BB 621: Biostatistics
The scope of statistics in biomedical data analysis; Statistical design of experiments for clinical and laboratory data: random allocation, methods of allocation without random numbers; Volunteer bias; Crossover designs; Selection and distribution of experimental unit; Case-control analysis. Applications of probability and standard distributions: Estimation, standard error and confidence interval, testing of hypotheses; Correlation and regression; Analysis of variance; Factor analysis; Statistical method oriented and problem-oriented illustrations for computer-aided inferencing.
Texts & References:
- Martin Bland: An Introduction to Medical Statistics, Oxford University Press, 1987.
- G. Eason, C.W. Coles &G. Gittinby: Mathematics and Statistics for the Biosciences. Ellis Horwood, 1980.
- O. Kempthorne: Design and Analysis of Experiments, Wiley Eastern, 1967.
- Wayne Daniel : Biostatistics: Foundation for Analysis in the Health Sciences, 5th ed., John Wiley & Sons, New York, 1987.
Introduction to Biostatistics is also available as an online course from NPTEL
BS 637: Cell Mechanics and Mechanobiology
Mechanical forces are known to play an increasingly important role during development, normal function as well as in disease. This course will focus on the physical interactions between cells and their surroundings. Students will learn how cells sense and respond to external forces and cues, and how these mechanical inputs influence subcellular biochemistry and cell behavior. They will also study various experimental techniques that have been developed for probing cell structure, manipulating cells, and measuring their mechanical properties.
Introduction to mechanobiology is also available as an online course from NPTEL
BB 604: Bio Mathematics
Mathematical and computational problems in the context of biology and medicine with emphasis on deterministic models.
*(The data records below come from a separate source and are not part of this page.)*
Lemma correlation_LHV (P : forall sg, probability (N.-tuple R) R) sg t :
  (forall A, measurable A -> P sg A = mu (proj_setting sg @^-1` A)) ->
  extends sg t -> correlation P sg t = \int[mu]_w monomial t (coords w).
Proof.
move=> marginal sg_t; rewrite /correlation /Rintegral; congr fine.
have mf : measurable_fun setT (EFin \o outcome_product t).
  by apply/measurable_EFinP; exact: measurable_outcome_product.
have int_comp : mu.-integrable (proj_setting sg @^-1` setT)
    ((EFin \o outcome_product t) \o proj_setting sg).
  rewrite preimage_setT; apply: eq_integrable (monomial_coords_integrable t) => // w _.
  by rewrite /= outcome_product_proj.
transitivity (\int[mu]_(w in proj_setting sg @^-1` setT)
    ((EFin \o outcome_product t) \o proj_setting sg) w)%E.
  rewrite -(integral_pushforward (measurable_proj_setting sg) mf int_comp measurableT).
  apply: eq_measure_integral => [|? A mA _]; first exact: measurable_proj_setting.
  exact: marginal.
by rewrite preimage_setT; apply: eq_integral => w _; rewrite /= outcome_product_proj.
Qed.

Lemma scaled_monomial_integrable (c : R) t :
  mu.-integrable setT (EFin \o fun w => c * monomial t (coords w)).
Proof.
by apply: eq_integrable (integrableZl measurableT c (monomial_coords_integrable t)).
Qed.

Lemma Fpoly_coords_integrable gamma :
  mu.-integrable setT (EFin \o fun w => Fpoly gamma (coords w)).
Proof.
have := @integrable_sum _ _ _ mu setT measurableT _ (index_enum (term S)) (@nontrivial N S)
  (fun t w => (gamma t * monomial t (coords w))%:E)
  (fun t _ => scaled_monomial_integrable (gamma t) t).
by apply: eq_integrable => // w _; rewrite /= sumEFin.
Qed.

Lemma LHV_value_integral (P : forall sg, probability (N.-tuple R) R)
    (ext : term S -> setting S) gamma :
  (forall sg A, measurable A -> P sg A = mu (proj_setting sg @^-1` A)) ->
  (forall t, extends (ext t) t) ->
  LHV_value P ext gamma = \int[mu]_w Fpoly gamma (coords w).
Proof.
move=> marginal ext_t.
rewrite /LHV_value /Fpoly Rintegral_sum //; last by move=> t; exact: scaled_monomial_integrable.
apply: eq_bigr => t _; rewrite (correlation_LHV (marginal (ext t)) (ext_t t)); symmetry.
exact: RintegralZl measurableT (monomial_coords_integrable t).
Qed.

End LHVBounds.

Lemma LHV_value_bounds (R : realType) (N : nat) (S : 'I_N -> nat)
    (Lam : forall n : 'I_N, 'I_(S n) -> set R)
    (P : forall sg : setting S, probability (N.-tuple R) R)
    (ext : term S -> setting S) (gamma : term S -> R) :
  (forall n s, Lam n s `<=` [set x | -1 <= x <= 1]) ->
  LHV_experiment Lam P -> (forall t, extends (ext t) t) ->
  Fmin gamma <= LHV_value P ext gamma <= Fmax gamma.
Proof.
move=> Lam_cube [_ [mu [[B [mB B_Lam muB]] marginal]]] ext_t.
have B_cube w : B w -> in_cube (coords w).
  by move=> Bw [n s]; exact: (Lam_cube n s _ (B_Lam w Bw n s)).
rewrite (LHV_value_integral mB muB B_cube gamma marginal ext_t).
apply: (Rintegral_full_bounds mB muB); first exact: (Fpoly_coords_integrable mB muB B_cube).
by move=> w /B_cube; exact: Fpoly_cube_bounds.
Qed.

Lemma measurable_set1_tuple (R : realType) (n : nat) (x : n.-tuple R) : measurable [set x].
Proof.
have -> : [set x] =
    \bigcap_(i in [set: 'I_n]) ((fun y : n.-tuple R => tnth y i) @^-1` [set tnth x i]).
  apply/seteqP; split => [y -> i _ //|y xy]; apply: eq_from_tnth => i; exact: xy i I.
apply: fin_bigcap_measurable => [|i _]; first exact: finite_finset.
by rewrite -[X in measurable X]setTI; exact: measurable_tnth.
Qed.

Lemma dirac_probabilityE d (T : measurableType d) (R : realType) (a : T) (A : set T) :
  (\d_a : probability T R) A = (a \in A)%:R%:E.
Proof. exact: diracE. Qed.

Section Deterministic.
Variables (R : realType) (N : nat) (S : 'I_N -> nat).

Definition hidden_of (u : site S -> R) : hidden R S :=
  [tuple u (enum_val i) | i < #|{: site S}|].

Lemma coords_hidden_of (u : site S -> R) : coords (hidden_of u) = u.
Proof. by apply/funext => i; rewrite /coords tnth_mktuple enum_rankK. Qed.

Definition deterministic (u : site S -> R) (sg : setting S) : probability (N.-tuple R) R :=
  \d_(proj_setting sg (hidden_of u)).

Lemma deterministic_LHV (Lam : forall n : 'I_N, 'I_(S n) -> set R) (u : site S -> R) :
  (forall n (s : 'I_(S n)), Lam n s (u (site_of s))) ->
  LHV_experiment Lam (deterministic u).
Proof.
move=> u_Lam; have Lam_coord n (s : 'I_(S n)) : Lam n s (coords (hidden_of u) (site_of s)).
  by rewrite coords_hidden_of.
split.
  move=> sg; exists [set proj_setting sg (hidden_of u)]; split.
  - exact: measurable_set1_tuple.
  - by move=> x -> n; rewrite tnth_mktuple; exact: Lam_coord.
  - by rewrite dirac_probabilityE mem_set.
exists \d_(hidden_of u); split.
  exists [set hidden_of u]; split; first exact: measurable_set1_tuple.
    by move=> w -> n s; exact: Lam_coord.
  by rewrite dirac_probabilityE mem_set.
by move=> sg A mA; rewrite !dirac_probabilityE.
Qed.

Lemma deterministic_LHV_value (u : site S -> R) (ext : term S -> setting S)
    (gamma : term S -> R) :
  (forall t, extends (ext t) t) -> LHV_value (deterministic u) ext gamma = Fpoly gamma u.
Proof.
move=> ext_t; apply: eq_bigr => t _; congr (_ * _).
rewrite /correlation /Rintegral integral_dirac //; last first.
  by apply/measurable_EFinP; exact: measurable_outcome_product.
rewrite diracE mem_set // mul1e /= -[X in _ = monomial _ X]coords_hidden_of.
exact: outcome_product_proj.
Qed.

End Deterministic.

Lemma sign_adherent (R : realType) (A : set R) (b : bool) (dl : R) : 0 < dl ->
  A `<=` [set x | -1 <= x <= 1] -> sup A = 1 -> inf A = -1 ->
  exists2 x, A x & `|x - sgnb R b| <= dl.
Proof.
move=> dl0 A_cube supA infA.
have A0 : A !=set0.
  apply/set0P/eqP => A_eq0; move: supA; rewrite A_eq0 sup0 => /eqP.
  by rewrite eq_sym oner_eq0.
case: b; rewrite /sgnb.
- have [|x Ax supx] := sup_adherent dl0 (conj A0 _).
    by exists 1 => y /A_cube /andP[].
  have /andP[_ x1] := A_cube x Ax; rewrite supA in supx.
  by exists x => //; rewrite ler_norml; apply/andP; split; lra.
- have [|x Ax infx] := inf_adherent dl0 (conj A0 _).
    by exists (-1) => y /A_cube /andP[].
  have /andP[x1 _] := A_cube x Ax; rewrite infA in infx.
  by exists x => //; rewrite ler_norml; apply/andP; split; lra.
Qed.

Section Tightness.
Variables (R : realType) (N : nat) (S : 'I_N -> nat).

Definition outcome_sets (Lam : forall n : 'I_N, 'I_(S n) -> set R) :=
  forall (n : 'I_N) (s : 'I_(S n)),
    [/\ Lam n s `<=` [set x : R | -1 <= x <= 1], sup (Lam n s) = 1 & inf (Lam n s) = -1].

Lemma vertex_approx (Lam : forall n : 'I_N, 'I_(S n) -> set R) (hLam : outcome_sets Lam)
    (v : vertex S) (dl : R) : 0 < dl ->
  exists u : site S -> R, [/\ forall n (s : 'I_(S n)), Lam n s (u (site_of s)),
    in_cube u & forall i, `|u i - sgnb R (v i)| <= dl].
Proof.
move=> dl0.
have near_sign (i : site S) : exists x, Lam (tag i) (tagged i) x /\ `|x - sgnb R (v i)| <= dl.
  case: i => n s; have [Lam_cube supL infL] := hLam n s.
  by have [x Lx xv] := sign_adherent (v (site_of s)) dl0 Lam_cube supL infL; exists x.
have [u uP] := choice near_sign; exists u; split.
- by move=> n s; case: (uP (site_of s)).
- by move=> [n s]; case: (uP (site_of s)); case: (hLam n s) => Lam_cube _ _ /Lam_cube.
- by move=> i; case: (uP i).
Qed.

Lemma Fsum_approx (Lam : forall n : 'I_N, 'I_(S n) -> set R) (hLam : outcome_sets Lam)
    (gamma : term S -> R) (v : vertex S) (eps : R) : 0 < eps ->
  exists P, LHV_experiment Lam P /\ forall ext, (forall t, extends (ext t) t) ->
    `|LHV_value P ext gamma - Fsum gamma v| < eps.
Proof.
(* [K] is a Lipschitz constant of [Fpoly gamma] for the sup norm. *)
move=> eps0; pose K := (\sum_(t | nontrivial t) `|gamma t|) * N%:R.
have K0 : 0 <= K by rewrite mulr_ge0 ?sumr_ge0.
have dl0 : 0 < eps / (K + 1) by rewrite divr_gt0 // ltr_wpDl.
have [u [u_Lam cube_u uv]] := vertex_approx hLam v dl0.
exists (deterministic u); split; first exact: deterministic_LHV.
move=> ext ext_t; rewrite deterministic_LHV_value // Fsum_Fpoly.
have cube_v : in_cube (fun i => sgnb R (v i)).
  by move=> i; rewrite /sgnb; case: (v i); apply/andP; split; lra.
apply: le_lt_trans (Fpoly_lipschitz gamma (ltW dl0) cube_u cube_v uv) _.
rewrite !mulrA ltr_pdivrMr ?ltr_wpDl // /K; nra.
Qed.

End Tightness.

Theorem corollary1 (R : realType) (N : nat) (S : 'I_N -> nat)
  (Lam : forall n : 'I_N, 'I_(S n) -> set R)
  (hN : (0 < N)%N) (hS : forall n : 'I_N, (0 < S n)%N)
  (hLam : forall (n : 'I_N) (s : 'I_(S n)),
     [/\ Lam n s `<=` [set x : R | -1 <= x <= 1],
         sup (Lam n s) = 1 & inf (Lam n s) = -1])
  (gamma : term S -> R) :
  [/\ (* the constraint holds for every experiment admitting an LHV model *)
      (forall P : forall sg : setting S, probability (N.-tuple R) R,
         LHV_experiment Lam P ->
         forall ext : term S -> setting S, (forall t, extends (ext t) t) ->
         Fmin gamma <= LHV_value P ext gamma <= Fmax gamma),
      (* tightness of the upper bound *)
      (forall c : R, c < Fmax gamma ->
         exists P : forall sg : setting S, probability (N.-tuple R) R,
           LHV_experiment Lam P /\
           forall ext : term S -> setting S, (forall t, extends (ext t) t) ->
           c < LHV_value P ext gamma) &
      (* tightness of the lower bound *)
      (forall c : R, Fmin gamma < c ->
         exists P : forall sg : setting S, probability (N.-tuple R) R,
           LHV_experiment Lam P /\
           forall ext : term S -> setting S, (forall t, extends (ext t) t) ->
           LHV_value P ext gamma < c)].
Proof.
have Lam_cube n s : Lam n s `<=` [set x : R | -1 <= x <= 1] by case: (hLam n s).
split.
- by move=> P LHV_P ext ext_t; exact: LHV_value_bounds.
- move=> c /Fmax_gt[v cv]; have eps0 : 0 < Fsum gamma v - c by rewrite subr_gt0.
  have [P [LHV_P Pv]] := Fsum_approx hLam gamma v eps0.
  by exists P; split => // ext /Pv; rewrite ltr_norml => /andP[+ _]; lra.
- move=> c /Fmin_lt[v vc]; have eps0 : 0 < c - Fsum gamma v by rewrite subr_gt0.
  have [P [LHV_P Pv]] := Fsum_approx hLam gamma v eps0.
  by exists P; split => // ext /Pv; rewrite ltr_norml => /andP[_]; lra.
Qed.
Models from epidemiology, cell design, enzyme kinetics, genomics, drug kinetics and design, and sports medicine.
Review of sets, number system and operators, sequences and series, exponential, logarithm, and trigonometric functions, limits, derivatives, and graphing of functions. Polynomials, roots, approximation to functions. Function maxima and minima. Integration. Linear ordinary differential equations. Second-order partial differential equations. Transform techniques. Difference approximations, discrete models, and numerical solutions, error analysis. Introduction to algorithmics for biology and medicine. Examples for modeling and analysis from population growth, spread and arrest of diseases, tumour growth, biomechanics, and theoretical neuroscience. Solutions using Matlab and SciLab.
Texts & References:
- J. D. Murray, Mathematical biology: an introduction, 3rd ed., New York, Springer 2002.
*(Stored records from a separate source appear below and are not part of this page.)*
(* A Poisson bracket with {y, z}, {z, x}, {x, y} = F = (f, g, h) is determined
   by F: by the Leibniz rule v |-> {u, v} is a derivation, and in each of the
   three rings a derivation vanishing on C and on x, y, z is zero.  Hence
   {u, v} = F . (grad u x grad v).  This formula is always skew-symmetric and
   Leibniz, and its Jacobiator on (u, v, w) is -(F . curl F) det Jac(u, v, w),
   so F is a Poisson triple iff F . curl F = 0.  For F = l c grad a + m grad b
   one finds F . curl F = l m det Jac(a, b, c). *)

Definition derivation (T : pzRingType) (D : T -> T) :=
  {morph D : a b / a + b} /\ forall a b, D (a * b) = D a * b + a * D b.

Section Derivation.
Variables (T : pzRingType) (D : T -> T).
Hypothesis derD : derivation D.

Lemma derivation0 : D 0 = 0.
Proof. by apply: (addrI (D 0)); rewrite -derD.1 !addr0. Qed.

Lemma derivation1 : D 1 = 0.
Proof.
have := derD.2 1 1; rewrite !mulr1 mul1r => D1.
by apply: (addrI (D 1)); rewrite addr0 -D1.
Qed.

Lemma derivationN a : D (- a) = - D a.
Proof. by apply: (addrI (D a)); rewrite -derD.1 !subrr derivation0. Qed.

Lemma derivationB a b : D (a - b) = D a - D b.
Proof. by rewrite derD.1 derivationN. Qed.

Lemma derivation_addl_ker u : D u = 0 -> forall w, D (u + w) = D w.
Proof. by move=> Du0 w; rewrite derD.1 Du0 add0r. Qed.

Lemma derivationMn a n : D (a *+ n) = D a *+ n.
Proof. by elim: n => [|n IHn]; rewrite ?mulr0n ?derivation0 // !mulrS derD.1 IHn. Qed.

End Derivation.

Section PoissonTriples.
Variables (C : nzRingType) (T : comNzRingType) (iota : C -> T) (scl : C -> T -> T).
Variables (x y z : T) (dx dy dz : T -> T).

Hypothesis sclE : forall l a, scl l a = iota l * a.
Hypothesis iota1 : iota 1 = 1.
Hypothesis two_reg : forall a : T, a + a = 0 -> a = 0.
Hypotheses (dx_der : derivation dx) (dy_der : derivation dy) (dz_der : derivation dz).
Hypotheses (dx_iota : forall l, dx (iota l) = 0) (dy_iota : forall l, dy (iota l) = 0)
  (dz_iota : forall l, dz (iota l) = 0).
Hypotheses (dxy_comm : forall a, dy (dx a) = dx (dy a))
  (dxz_comm : forall a, dz (dx a) = dx (dz a))
  (dyz_comm : forall a, dz (dy a) = dy (dz a)).
Hypotheses (dxx : dx x = 1) (dxy : dx y = 0) (dxz : dx z = 0).
Hypotheses (dyx : dy x = 0) (dyy : dy y = 1) (dyz : dy z = 0).
Hypotheses (dzx : dz x = 0) (dzy : dz y = 0) (dzz : dz z = 1).
Hypothesis derivation_eq0 : forall D, derivation D -> (forall l, D (iota l) = 0) ->
  D x = 0 -> D y = 0 -> D z = 0 -> forall a, D a = 0.

Let S : Setting C := MkSetting +%R -%R *%R scl 0 x y z dx dy dz.

Definition bracket_of (F : T * T * T) (u v : T) : T :=
  let: (f, g, h) := F in
  f * (dy u * dz v - dz u * dy v) + g * (dz u * dx v - dx u * dz v)
  + h * (dx u * dy v - dy u * dx v).

Definition dot_curl (F : T * T * T) : T :=
  let: (f, g, h) := F in
  f * (dy h - dz g) + g * (dz f - dx h) + h * (dx g - dy f).

Ltac der_simpl := rewrite ?(dx_der.1, dy_der.1, dz_der.1, dx_der.2, dy_der.2,
  dz_der.2, derivationB dx_der, derivationB dy_der, derivationB dz_der,
  derivationN dx_der, derivationN dy_der, derivationN dz_der,
  dxy_comm, dxz_comm, dyz_comm, dx_iota, dy_iota, dz_iota).

Lemma bracket_of_jacobi F u v w :
  bracket_of F u (bracket_of F v w) + bracket_of F v (bracket_of F w u)
  + bracket_of F w (bracket_of F u v) = - dot_curl F * jacdet (B:=S) u v w.
Proof.
by case: F => [[f g] h]; rewrite /bracket_of /dot_curl /jacdet /S /=; der_simpl; ring.
Qed.

Lemma bracket_of_poisson F : dot_curl F = 0 -> poisson_bracket (B:=S) (bracket_of F).
Proof.
move=> curl0; split => /= [l m u v w|u v|u v w|u v w].
- by case: F {curl0} => [[f g] h]; rewrite !sclE /bracket_of; der_simpl; ring.
- by case: F {curl0} => [[f g] h]; rewrite /bracket_of; ring.
- by case: F {curl0} => [[f g] h]; rewrite /bracket_of; der_simpl; ring.
- by rewrite bracket_of_jacobi curl0 mulNr mul0r oppr0.
Qed.

Lemma bracket_of_coords F :
  [/\ bracket_of F y z = F.1.1, bracket_of F z x = F.1.2 & bracket_of F x y = F.2].
Proof.
case: F => [[f g] h].
by rewrite /bracket_of /= !(dxx, dxy, dxz, dyx, dyy, dyz, dzx, dzy, dzz); split; ring.
Qed.

Section PoissonBracket.
Variable br : T -> T -> T.
Hypothesis br_poisson : poisson_bracket (B:=S) br.

Lemma bracketN u v : br u v = - br v u.
Proof. by case: br_poisson => _ /(_ u v). Qed.

Lemma bracketMr u v w : br u (v * w) = br u v * w + v * br u w.
Proof. by case: br_poisson => _ _ /(_ u v w). Qed.

Lemma bracketDr u v w : br u (v + w) = br u v + br u w.
Proof.
case: br_poisson => /(_ 1 1 v w u) /=; rewrite !sclE iota1 !mul1r => brD _ _ _.
by rewrite bracketN brD opprD -!bracketN.
Qed.

Lemma bracket_iota u l : br u (iota l) = 0.
Proof.
have br1 : br u 1 = 0.
  have := bracketMr u 1 1; rewrite !mulr1 mul1r => br1D.
  by apply: (addrI (br u 1)); rewrite addr0 -br1D.
have br0 : br 0 u = 0 by rewrite bracketN -(mulr0 0) bracketMr !mulr0 mul0r addr0 oppr0.
rewrite bracketN; case: br_poisson => /(_ l l 1 0 u) /=.
by rewrite !sclE mulr1 mulr0 addr0 => -> _ _ _; rewrite bracketN br1 br0 oppr0 !mulr0 addr0 oppr0.
Qed.

Lemma bracketxx u : br u u = 0.
Proof. by apply: two_reg; rewrite {1}bracketN addNr. Qed.

(* v |-> {u, v} is a derivation, hence determined by its values on x, y, z *)
Lemma bracket_chain u v : br u v = br u x * dx v + br u y * dy v + br u z * dz v.
Proof.
pose D v := br u v - (br u x * dx v + br u y * dy v + br u z * dz v).
have D_der : derivation D.
  by split=> [v1 v2|v1 v2]; rewrite /D ?bracketDr ?bracketMr; der_simpl; ring.
apply/eqP; rewrite -subr_eq0; apply/eqP; apply: (derivation_eq0 D_der) => [l|||];
  rewrite /D ?bracket_iota ?dx_iota ?dy_iota ?dz_iota
    ?(dxx, dxy, dxz, dyx, dyy, dyz, dzx, dzy, dzz); ring.
Qed.

Let brF := (br y z, br z x, br x y).

Lemma bracketE u v : br u v = bracket_of brF u v.
Proof.
rewrite bracket_chain (bracketN u x) (bracketN u y) (bracketN u z).
rewrite !(bracket_chain _ u) !bracketxx (bracketN y x) (bracketN x z) (bracketN z y).
by rewrite /bracket_of; ring.
Qed.

Lemma poisson_dot_curl : dot_curl brF = 0.
Proof.
case: br_poisson => _ _ _ /(_ x y z) /=.
rewrite (bracketE x (br y z)) (bracketE y (br z x)) (bracketE z (br x y)).
rewrite /bracket_of /dot_curl /= !(dxx, dxy, dxz, dyx, dyy, dyz, dzx, dzy, dzz) => jac.
by rewrite -oppr0 -jac; ring.
Qed.

End PoissonBracket.

Lemma poisson_tripleP F : poisson_triple (B:=S) F <-> dot_curl F = 0.
Proof.
split=> [[br [br_poisson [Fx Fy Fz]]]|curl0].
  by have := poisson_dot_curl br_poisson; case: F Fx Fy Fz => [[f g] h] /= -> -> ->.
by exists (bracket_of F); split; [exact: bracket_of_poisson|exact: bracket_of_coords].
Qed.

Lemma dot_curl_lincomb l m a b c :
  dot_curl (lincomb l m (scaled_grad (B:=S) c a) (grad (B:=S) b))
  = iota l * iota m * jacdet (B:=S) a b c.
Proof. by rewrite /dot_curl /jacdet /S /= !sclE; der_simpl; ring. Qed.

Theorem compatible_gradP a b c :
  compatible (B:=S) (scaled_grad (B:=S) c a) (grad (B:=S) b) <-> jacdet (B:=S) a b c = 0.
Proof.
split=> [/(_ 1 1) /poisson_tripleP|jac0 l m]; last first.
  by apply/poisson_tripleP; rewrite dot_curl_lincomb jac0 mulr0.
by rewrite dot_curl_lincomb iota1 !mul1r.
Qed.

End PoissonTriples.

Lemma addrr_eq0 (T : idomainType) (a : T) : 2%:R != 0 :> T -> a + a = 0 -> a = 0.
Proof.
by move=> two_neq0 /eqP; rewrite -mulr2n -mulr_natr mulf_eq0 (negbTE two_neq0) orbF => /eqP.
Qed.

Lemma ord3_ind (P : 'I_3 -> Prop) : P 0 -> P 1 -> P 2 -> forall i, P i.
Proof.
move=> P0 P1 P2 [[|[|[|//]]] lt_i3]; [move: P0|move: P1|move: P2].
all: by congr P; apply: val_inj.
Qed.

Section MPoly.
Variables (n : nat) (R : nzRingType).
Implicit Types (p q : {mpoly R[n]}).

Lemma mpoly_subring_ind (P : {mpoly R[n]} -> Prop) :
  (forall p q, P p -> P q -> P (p + q)) -> (forall p q, P p -> P q -> P (p * q)) ->
  (forall c, P c%:MP) -> (forall i, P 'X_i) -> forall p, P p.
Proof.
move=> PD PM PC PX; have P1 : P 1 by rewrite -mpolyC1.
elim/mpolyind => [|c m p _ _ Pp]; first by rewrite -mpolyC0.
apply: PD Pp; rewrite -mul_mpolyC; apply: (PM) => //; rewrite mpolyXE_id.
apply: (big_ind P) => [//|p1 p2|i _]; first exact: PM.
by elim: (m i) => [|k IHk]; rewrite ?expr0 // exprS; apply: PM.
Qed.

Lemma mderivXi (i j : 'I_n) : mderiv i ('X_j : {mpoly R[n]}) = (i == j)%:R.
Proof.
rewrite mderivX mnm1E eq_sym; case: eqP => [->|_]; last by rewrite scale0r.
by rewrite -{1}[U_(j)%MM]add0m addmK mpolyX0 scale1r.
Qed.

Lemma mderivation (i : 'I_n) : derivation (mderiv i : {mpoly R[n]} -> _).
Proof. by split=> p q; rewrite ?mderivD ?mderivM. Qed.

End MPoly.

Arguments mderivation {n R}.

Section PolynomialRing.
Variable R : realType.
Local Notation A := (polyA R).

Lemma polyA_addrr_eq0 (a : A) : a + a = 0 -> a = 0.
Proof. by apply: addrr_eq0; rewrite -mpolyC_nat mpolyC_eq0 pnatr_eq0. Qed.

Lemma derivation_polyA_eq0 (D : A -> A) : derivation D -> (forall c, D c%:MP = 0) ->
  D 'X_0 = 0 -> D 'X_1 = 0 -> D 'X_2 = 0 -> forall p, D p = 0.
Proof.
move=> [DD DM] DC DX DY DZ; apply: mpoly_subring_ind => //.
- by move=> p q Dp Dq; rewrite DD Dp Dq addr0.
- by move=> p q Dp Dq; rewrite DM Dp Dq mulr0 mul0r addr0.
- exact: ord3_ind.
Qed.

Lemma polyS_compatibleP (a b c : A) :
  compatible (B:=polyS R) (scaled_grad (B:=polyS R) c a) (grad (B:=polyS R) b)
  <-> jacdet (B:=polyS R) a b c = zeroB (polyS R).
Proof.
apply: (@compatible_gradP _ _ (fun l => l%:MP)).
1: by move=> l p; rewrite mul_mpolyC.
1: exact: mpolyC1.
1: exact: polyA_addrr_eq0.
1-3: exact: mderivation.
1-3: by move=> l; rewrite mderivC.
1-3: by move=> p; rewrite mderiv_comm.
1-9: by rewrite mderivXi.
exact: derivation_polyA_eq0.
Qed.

End PolynomialRing.

Lemma quotient_rule_congr (K : fieldType) (N D N0 D0 N' D' N0' D0' : K) :
  D != 0 -> D0 != 0 -> N * D0 = N0 * D -> N' * D0 + N * D0' = N0' * D + N0 * D' ->
  (N0' * D0 - N0 * D0') / (D0 * D0) = (N' * D - N * D') / (D * D).
Proof.
move=> ne_D ne_D0 cross dcross.
have N0E : N0 = N * D0 / D by rewrite cross mulfK.
have N0'E : N0' = (N' * D0 + N * D0' - N0 * D') / D by rewrite dcross addrK mulfK.
by rewrite N0'E N0E; field; apply/andP.
Qed.

Section QuotientRule.
Variable A : idomainType.
Local Notation F := {fraction A}.
Local Notation "x %:F" := (@tofrac A x).

Lemma fraction_repr (q : F) : q * (\d_(repr q))%:F = (\n_(repr q))%:F.
Proof.
set r := repr q; rewrite -[q]reprK -/r [(\d_r)%:F]piE [(\n_r)%:F]piE.
rewrite -[_ * _]FracField.pi_mul.
apply/eqmodP => /=; rewrite FracField.equivfE /FracField.mulf.
have ne1 := oner_neq0 A; have ne_d := denom_ratioP r.
by rewrite !(numer_Ratio _ ne1) !(denom_Ratio _ ne1) !mulr1 (numer_Ratio _ ne_d)
  (denom_Ratio _ ne_d) mulrC.
Qed.

Lemma fraction_numden (q : F) : exists n d, d != 0 /\ q = n%:F / d%:F.
Proof.
exists \n_(repr q), \d_(repr q); have ne_d := denom_ratioP (repr q); split => //.
by rewrite -fraction_repr mulfK // tofrac_eq0.
Qed.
- R. W. Shonkwiler, Mathematical Biology: An Introduction with Maple and Matlab, Springer 2009.
- E. Kreyszig. Advanced Engineering Mathematics, 9th Ed., Wiley, 2006
BM 633: Biomechanics
This course will introduce students to the field of biomechanics. Students will learn basic concepts of statics, solid mechanics, and their applications towards measuring and quantifying mechanical properties of biological fluids, solids, tissues, and organs. Students will be exposed to various applications of biomechanics from the fields of bioengineering, physiology, and medicine.
BB 101: Biology
Quantitative views of modern biology. Importance of illustrations and building quantitative/qualitative models. Role of estimates. Cell size and shape. Temporal scales. Relative time in Biology. Key model systems – a glimpse. Management and transformation of energy in cells. Mathematical view – binding, gene expression, and osmotic pressure as examples. Metabolism. Cell communication. Genetics. Eukaryotic genomes. Genetic basis of development. Evolution and diversity. Systems biology and illustrative examples of applications of Engineering in Biology.